■ What needs to be done
Retype, word for word, each line between the lines holding "destruct (I_is_segment lam" and "- now exists (slope p q), (snd", inclusive, and leave the rest of the data alone.

Segment Open

Lemma I_is_segment lam x n : 1/6 <= lam ->
  exists p q, adjacent (breakpoints lam n) p q /\ fst p = I_lo x n /\ fst q = I_hi x n /\
    sgn (slope p q) = slope_sign x n.
Proof.
  intros Hlam. induction n as [|n (p & q & Hadj & Hp & Hq & Hsgn)].
  - exists (0, 0), (1, 0). rewrite I_lo_eq, I_hi_eq. unfold slope_sign, slope, eps, ell, beta2.
    simpl. rewrite Rmult_1_r, Rinv_1, !Rminus_0_r, Rdiv_0_l, sgn_0.
    repeat split; [now exists [], [] | lra | lra | ring].
  - destruct (refine_adjacent lam _ p q Hadj) as (H1 & H2 & H3 & H4).
    assert (Hpq : fst p < fst q).
    { pose proof (ell_pos x n). rewrite Hp, Hq, I_lo_eq, I_hi_eq.
      destruct (eps_pm x n) as [-> | ->]; lra. }
    pose proof (slope_up_to_peak_pos lam (slope p q) Hlam).
    pose proof (slope_down_from_peak_neg lam (slope p q) Hlam).
    destruct (I_succ x n) as [(?&?&->)|[(?&?&->)|[(?&?&->)|(?&?&->)]]].
    + exists p, (third_pt p q); simpl; rewrite slope_first_third by lra.
      repeat split; auto; lra.
    + exists (third_pt p q), (peak_pt lam p q); simpl; rewrite slope_up_to_peak by lra.
      repeat split; auto; try lra. now apply sgn_pos.
    + exists (peak_pt lam p q), (two_thirds_pt p q); simpl; rewrite slope_down_from_peak by lra.
      repeat split; auto; try lra. now apply sgn_neg.
    + exists (two_thirds_pt p q), q; simpl; rewrite slope_last_third by lra.
      repeat split; auto; lra.
Qed.

Lemma F_on_segment lam n p q t : adjacent (breakpoints lam n) p q ->
  fst p <= t <= fst q -> F lam n t = lin p q t.
Proof. intros; apply interp_adjacent; auto using breakpoints_sorted. Qed.

Lemma F_segment_in_unit lam n p q : adjacent (breakpoints lam n) p q ->
  0 <= fst p /\ fst q <= 1.
Proof.
  intros Hadj. destruct (breakpoints_ends lam n) as [M HM].
  pose proof (breakpoints_sorted lam n) as Hs. rewrite HM in Hs, Hadj.
  destruct Hadj as [l1 [l2 Hl]].
  pose proof (sorted_x_bounds _ M _ p Hs ltac:(rewrite Hl; apply in_or_app; simpl; auto)).
  pose proof (sorted_x_bounds _ M _ q Hs ltac:(rewrite Hl; apply in_or_app; simpl; auto)).
  simpl in *; lra.
Qed.

Lemma F_segment_maximal lam n p q c d t : lam <> 0 -> adjacent (breakpoints lam n) p q ->
  0 <= c -> d <= 1 -> c < t < d -> fst p < t < fst q ->
  AffineOn (F lam n) c d -> fst p <= c /\ d <= fst q.
Proof.
  intros Hlam Hadj. destruct (breakpoints_ends lam n) as [M HM].
  apply (interp_affine_maximal _ (0, 0) M (1, 0));
    auto using breakpoints_sorted, breakpoints_kinked.
Qed.

Theorem lemma3p2 (lam x : R) :
  1/6 < lam < 5/6 -> 0 <= x <= 1 -> ~ inE x ->
  forall n : nat,
    (* I_n(x) is an open interval inside [0,1] containing x, F_n is affine on it *)
    (0 <= I_lo x n /\ I_lo x n < x < I_hi x n /\ I_hi x n <= 1 /\
     AffineOn (F lam n) (I_lo x n) (I_hi x n) /\
     (* and it is the maximal one (by length, and hence by inclusion) *)
     (forall c d, 0 <= c -> d <= 1 -> c < x < d -> AffineOn (F lam n) c d ->
        d - c <= I_hi x n - I_lo x n /\ I_lo x n <= c /\ d <= I_hi x n)) /\
    ex_derive (F lam n) x /\
    m lam n x = (F lam n x - F lam n (a x n)) / (x - a x n) /\
    sgn (m lam n x) = sgn (INR (beta2 1 2 x n)) * eps x n.
Proof.
  intros [Hlam _] Hx HE n.
  pose proof (x_in_I x n Hx HE) as Hxin. pose proof (a_endpoint x n) as Ha.
  destruct (I_is_segment lam x n) as (p & q & Hadj & Hp & Hq & Hsgn); [lra|].
  rewrite <- Hp, <- Hq in Hxin, Ha |- *.
  destruct (F_segment_in_unit lam n p q Hadj) as [Hp0 Hq1].
  assert (Hline : forall t, fst p < t < fst q ->
                    F lam n t = slope p q * t + (snd p - slope p q * fst p)).
  { intros t Ht. rewrite (F_on_segment lam n p q t Hadj) by lra. apply lin_affine. }
  pose proof (is_derive_affine_on _ _ _ _ _ x Hline Hxin) as Hder.
  unfold m. rewrite (is_derive_unique _ _ _ Hder).
  refine (conj (conj Hp0 (conj Hxin (conj Hq1 (conj _ _)))) (conj _ (conj _ Hsgn))).
  - now exists (slope p q), (snd p - slope p q * fst p).
  - intros c d Hc Hd Hcd Haff.
    destruct (F_segment_maximal lam n p q c d x ltac:(lra) Hadj Hc Hd Hcd Hxin Haff).
    repeat split; lra.
  - now exists (slope p q).
  - rewrite !(F_on_segment lam n p q _ Hadj) by lra.
    now rewrite lin_difference_quotient by lra.
Qed.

Segment Closed

■ Result
  destruct (I_is_segment lam x n) as (p & q & Hadj & Hp & Hq & Hsgn); [lra|].
  rewrite <- Hp, <- Hq in Hxin, Ha |- *.
  destruct (F_segment_in_unit lam n p q Hadj) as [Hp0 Hq1].
  assert (Hline : forall t, fst p < t < fst q ->
                    F lam n t = slope p q * t + (snd p - slope p q * fst p)).
  { intros t Ht. rewrite (F_on_segment lam n p q t Hadj) by lra. apply lin_affine. }
  pose proof (is_derive_affine_on _ _ _ _ _ x Hline Hxin) as Hder.
  unfold m. rewrite (is_derive_unique _ _ _ Hder).
  refine (conj (conj Hp0 (conj Hxin (conj Hq1 (conj _ _)))) (conj _ (conj _ Hsgn))).
  - now exists (slope p q), (snd p - slope p q * fst p).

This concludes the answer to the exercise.